Todo esto no será por el falso mantra de nuestra derecha sobre que el aborto está normalizado como “método anticonceptivo”, ni se solucionará repartiendo cheques bebé. Tampoco tendrá que ver con culpar a los “poderes oscuros” de no hacer más políticas progresistas, como insinúa ya Moncloa, en plena crisis inflacionaria, la tercera que sufrirá la juventud tras la de austeridad y la pandemia. La receta danesa es evidente: a la edad adulta se llega con poco paro, buenos salarios, mercado laboral próspero, y conciliación real, por demagógico que resulte comparar ambos países.
Otra muestra es que Alejandro no tardó ni una semana en encontrar empleo. La mano de obra cualificada escasea en Europa, así que las mejores pastelerías de la capital se lo rifaron con condiciones que jamás soñó en Barcelona. Su salario, como último en llegar, dobla al que antes tenía, cuando era el jefe del obrador, y con más días de descanso. Por la tarde tiene tiempo para estudiar danés, comprar, organizar la casa, o cuidar un hijo, si lo tuvieran. Lo sabe también Antonio, que antes volvía a las ocho de la tarde, y ahora, en su día peor como jefe de estrategia de una gran empresa multinacional suele llegar a casa a las cinco en su bici. En ese paraíso, los alquileres suponen igualmente casi la mitad de un salario. Pero los daneses empiezan la vida antes, puesto que muchos trabajan ya en la adolescencia para ganarse un dinero.

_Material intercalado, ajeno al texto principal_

Lemma Rle_of_forall_small_step (u v k : R) : 0 <= k ->
  (forall l, 0 < l <= 1 -> u <= v + l * k) -> u <= v.
Proof.
  intros Hk Hsmall. apply Rle_plus_epsilon. intros eps Heps.
  set (l := Rmin 1 (eps / (k + 1))).
  assert (Hl0 : 0 < l) by (apply Rmin_glb_lt; [lra | apply Rdiv_lt_0_compat; lra]).
  assert (Hlk : l * k <= eps).
  { assert (Hl : l <= eps / (k + 1)) by apply Rmin_r.
    assert (l * (k + 1) <= eps).
    { apply (Rmult_le_compat_r (k + 1)) in Hl; [|lra].
      now replace (eps / (k + 1) * (k + 1)) with eps in Hl by (field; lra). }
    nra. }
  pose proof (Hsmall l (conj Hl0 (Rmin_l _ _))). lra.
Qed.

Lemma euclid_comparison_triangle (a b c : R) : 0 < c -> 0 <= a -> 0 <= b ->
  a <= b + c -> b <= a + c -> c <= a + b ->
  exists p q, euclid (c, 0) (p, q) = a /\ euclid (p, q) (0, 0) = b /\
    2 * c * p = c * c + b * b - a * a /\ p * p + q * q = b * b.
Proof.
  intros Hc Ha Hb Hab Hba Hcab.
  set (p := (c * c + b * b - a * a) / (2 * c)).
  assert (Hp : 2 * c * p = c * c + b * b - a * a) by (unfold p; field; lra).
  assert (Hq : 0 <= b * b - p * p).
  { assert (Hprod : 0 <= (2 * b * c - 2 * c * p) * (2 * b * c + 2 * c * p)).
    { rewrite Hp. apply Rmult_le_pos; nra. }
    assert (Hc2 : 0 < 4 * (c * c)) by nra.
    replace ((2 * b * c - 2 * c * p) * (2 * b * c + 2 * c * p))
      with (4 * (c * c) * (b * b - p * p)) in Hprod by ring.
    apply Rmult_le_reg_l with (4 * (c * c)); lra. }
  exists p, (sqrt (b * b - p * p)).
  pose proof (sqrt_sqrt _ Hq) as Hs.
  set (r := sqrt (b * b - p * p)) in *.
  unfold euclid; cbn [fst snd].
  split; [|split; [|split]]; try lra.
  - rewrite <- (sqrt_square a Ha). f_equal.
    replace ((0 - r) ^ 2) with (r * r) by ring. rewrite Hs. nra.
  - rewrite <- (sqrt_square b Hb). f_equal.
    replace ((r - 0) ^ 2) with (r * r) by ring. rewrite Hs. ring.
Qed.

Lemma le_of_sqr_le (u v : R) : 0 <= v -> u ^ 2 <= v ^ 2 -> u <= v.
Proof. intros Hv Huv. apply Rnot_lt_le. intro Hvu. nra. Qed.

Lemma inv_INR_succ_eventually_lt (eps : R) : 0 < eps ->
  exists N, forall n, (N <= n)%nat -> / (INR n + 1) < eps.
Proof.
  intros Heps. destruct (archimed_cor1 eps Heps) as [N [HN HN0]].
  exists N. intros n Hn.
  apply (Rle_lt_trans _ (/ INR N)); [|exact HN].
  apply Rinv_le_contravar; [now apply lt_0_INR|].
  apply le_INR in Hn. lra.
Qed.

Section CAT0Geometry.

Variables (X : Type) (d : X -> X -> R).
Hypothesis Hmetric : is_metric X d.
Hypothesis Hgeodesic : geodesic_space X d.
Hypothesis Hcat : CAT0_ineq X d.

Lemma dist_ge0 x y : 0 <= d x y.
Proof. apply Hmetric. Qed.

Lemma dist_sym x y : d x y = d y x.
Proof. apply Hmetric. Qed.

Lemma dist_refl x : d x x = 0.
Proof. now apply Hmetric. Qed.

Lemma dist_eq0 x y : d x y = 0 -> x = y.
Proof. apply Hmetric. Qed.

Lemma dist_triangle x y z : d x z <= d x y + d y z.
Proof. apply Hmetric. Qed.

Lemma CAT0_point_vertex x y z g xb yb zb : geodesic X d g x y ->
  euclid xb yb = d x y -> euclid yb zb = d y z -> euclid zb xb = d z x ->
  forall s, 0 <= s <= d x y -> d (g s) z <= euclid (lerp xb yb (s / d x y)) zb.
Proof.
  intros Hg Exy Eyz Ezx s Hs.
  destruct (Hgeodesic y z) as [g2 Hg2], (Hgeodesic z x) as [g3 Hg3].
  pose proof (Hcat x y z g g2 g3 Hg Hg2 Hg3 xb yb zb Exy Eyz Ezx) as Hcmp; cbn zeta in Hcmp.
  specialize (Hcmp (g, d x y, xb, yb) (g3, d z x, zb, xb)
    ltac:(now left) ltac:(now right; right; left) s 0 Hs ltac:(split; [lra | apply dist_ge0])).
  destruct Hg3 as [Hg30 _]. rewrite Hg30, Rdiv_0_l in Hcmp.
  unfold lerp at 2 in Hcmp. destruct zb as [zb1 zb2]; cbn [fst snd] in Hcmp.
  now replace (zb1 + 0 * (fst xb - zb1), zb2 + 0 * (snd xb - zb2)) with (zb1, zb2)
    in Hcmp by (f_equal; ring).
Qed.

Lemma CN_inequality x y z g : geodesic X d g x y -> 0 < d x y ->
  forall s, 0 <= s <= d x y ->
  d z (g s) ^ 2 <= (1 - s / d x y) * d z x ^ 2 + (s / d x y) * d z y ^ 2
                   - (s / d x y) * (1 - s / d x y) * d x y ^ 2.
Proof.
  intros Hg Hc s Hs.
  set (c := d x y) in *. set (a := d y z). set (b := d z x).
  assert (Htri : a <= b + c /\ b <= a + c /\ c <= a + b).
  { pose proof (dist_triangle y x z). pose proof (dist_triangle z y x).
    pose proof (dist_triangle x z y).
    rewrite (dist_sym y x), (dist_sym z y), (dist_sym x z) in *. unfold a, b, c. lra. }
  destruct (euclid_comparison_triangle a b c Hc (dist_ge0 _ _) (dist_ge0 _ _)
              ltac:(lra) ltac:(lra) ltac:(lra)) as [p [q [Ea [Eb [Ep Epq]]]]].
  assert (Ec : euclid (0, 0) (c, 0) = c).
  { unfold euclid; cbn [fst snd].
    replace ((0 - c) ^ 2 + (0 - 0) ^ 2) with (c * c) by ring. apply sqrt_square; lra. }
  pose proof (CAT0_point_vertex x y z g (0, 0) (c, 0) (p, q) Hg Ec Ea Eb s Hs) as Hv.
  fold c in Hv. rewrite dist_sym in Hv.
  set (l := s / c) in *.
  unfold euclid, lerp in Hv; cbn [fst snd] in Hv.
  apply sqr_le_of_le_sqrt in Hv; [|apply dist_ge0|apply Rplus_le_le_0_compat; apply pow2_ge_0].
  rewrite (dist_sym z y). fold a b.
  replace ((0 + l * (c - 0) - p) ^ 2 + (0 + l * (0 - 0) - q) ^ 2)
    with (l * l * c * c - l * (2 * c * p) + (p * p + q * q)) in Hv by ring.
  rewrite Ep, Epq in Hv. apply (Rle_trans _ _ _ Hv). right. ring.
Qed.

Lemma CN_point x y l : 0 <= l <= 1 ->
  exists m, (forall C, convex X d C -> C x -> C y -> C m) /\
    forall z, d z m ^ 2 <= (1 - l) * d z x ^ 2 + l * d z y ^ 2 - l * (1 - l) * d x y ^ 2.
Proof.
  intros Hl.
  destruct (Rle_lt_or_eq_dec 0 (d x y) (dist_ge0 x y)) as [Hxy | Hxy].
  - destruct (Hgeodesic x y) as [g Hg].
    assert (Hs : 0 <= l * d x y <= d x y) by nra.
    exists (g (l * d x y)). split.
    + intros C HC Cx Cy. exact (HC x y g Cx Cy Hg _ Hs).
    + intro z. pose proof (CN_inequality x y z g Hg Hxy _ Hs) as Hcn.
      now replace (l * d x y / d x y) with l in Hcn by (field; lra).
  - assert (y = x) as -> by (apply dist_eq0; rewrite dist_sym; auto).
    exists x. split; [tauto|]. intro z. rewrite <- Hxy. right. ring.
Qed.

Definition is_nearest (C : X -> Prop) (x p : X) : Prop :=
  C p /\ forall c, C c -> d x p <= d x c.

Lemma is_nearest_refl (C : X -> Prop) x : C x -> is_nearest C x x.
Proof. split; auto. intros c _. rewrite dist_refl. apply dist_ge0. Qed.

Lemma is_nearest_self (C : X -> Prop) x p : C x -> is_nearest C x p -> p = x.
Proof.
  intros Cx [_ Hp]. apply dist_eq0. rewrite dist_sym.
  pose proof (Hp x Cx) as Hpx. rewrite dist_refl in Hpx. pose proof (dist_ge0 x p). lra.
Qed.

Lemma is_nearest_obtuse (C : X -> Prop) x p c : convex X d C -> is_nearest C x p -> C c ->
  d x p ^ 2 + d p c ^ 2 <= d x c ^ 2.
Proof.
  intros HC [Cp Hp] Cc.
  apply (Rle_of_forall_small_step _ _ (d p c ^ 2)); [apply pow2_ge_0|].
  intros l Hl.
  destruct (CN_point p c l ltac:(lra)) as [m [Hm Hcn]].
  specialize (Hcn x).
  pose proof (Hp m (Hm C HC Cp Cc)) as Hpm.
  assert (Hsq : d x p ^ 2 <= d x m ^ 2) by (apply pow_incr; split; [apply dist_ge0 | auto]).
  assert (Hk : l * (d x p ^ 2 + (1 - l) * d p c ^ 2 - d x c ^ 2) <= 0) by nra.
  assert (d x p ^ 2 + (1 - l) * d p c ^ 2 - d x c ^ 2 <= 0).
  { apply Rnot_lt_le. intro Hpos.
    pose proof (Rmult_lt_0_compat l _ ltac:(lra) Hpos). lra. }
  nra.
Qed.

La posibilidad de tener hijos es otro síntoma de su autonomía. Por su próspera perspectiva laboral, pero también por un factor cultural, en los países nórdicos no hacen falta unos padres sobreprotegiendo hasta pasada la madurez a sus hijos, y la gente tiende a buscarse la vida incluso antes de estabilizarse económicamente.
Cómo se va a poder salir de la niñez en España, en cambio, cuando la vida se convierte en una lucha por la supervivencia, siendo imposible realizarse ni en un trabajo precario, ni en el hogar. Luego se llenan las plazas de gente bebiendo, o tomando otras sustancias, de vidas exclusivamente basadas en el ocio hasta casi la cuarentena. A algunos no les queda otra posesión, o autoafirmación, que alargar ese presunto disfrute en una huida hacia adelante que les permita evadirse de un hoy terrible. Esa atomización quizás también oculte el germen de una profunda soledad o vacío.
Así que me bastó con ver sus caras de felicidad, en un clima horrible en invierno, en una sociedad muy cerrada de la que no entienden ni el idioma, para entender la decisión de mis amigos. Y de ahí se deriva un sistema entero, donde el colchón del bienestar resiste, la confianza en las instituciones está presente, y los lazos sólidos nutren sus vidas. Lo contrario es condenar a la juventud a vivir en el país de Mickey Mouse, pero no en la utopía danesa, sino en la distopía española, el sentirse hundido en la treintena, no poder nunca poder ser un adulto. Y sin cochecito.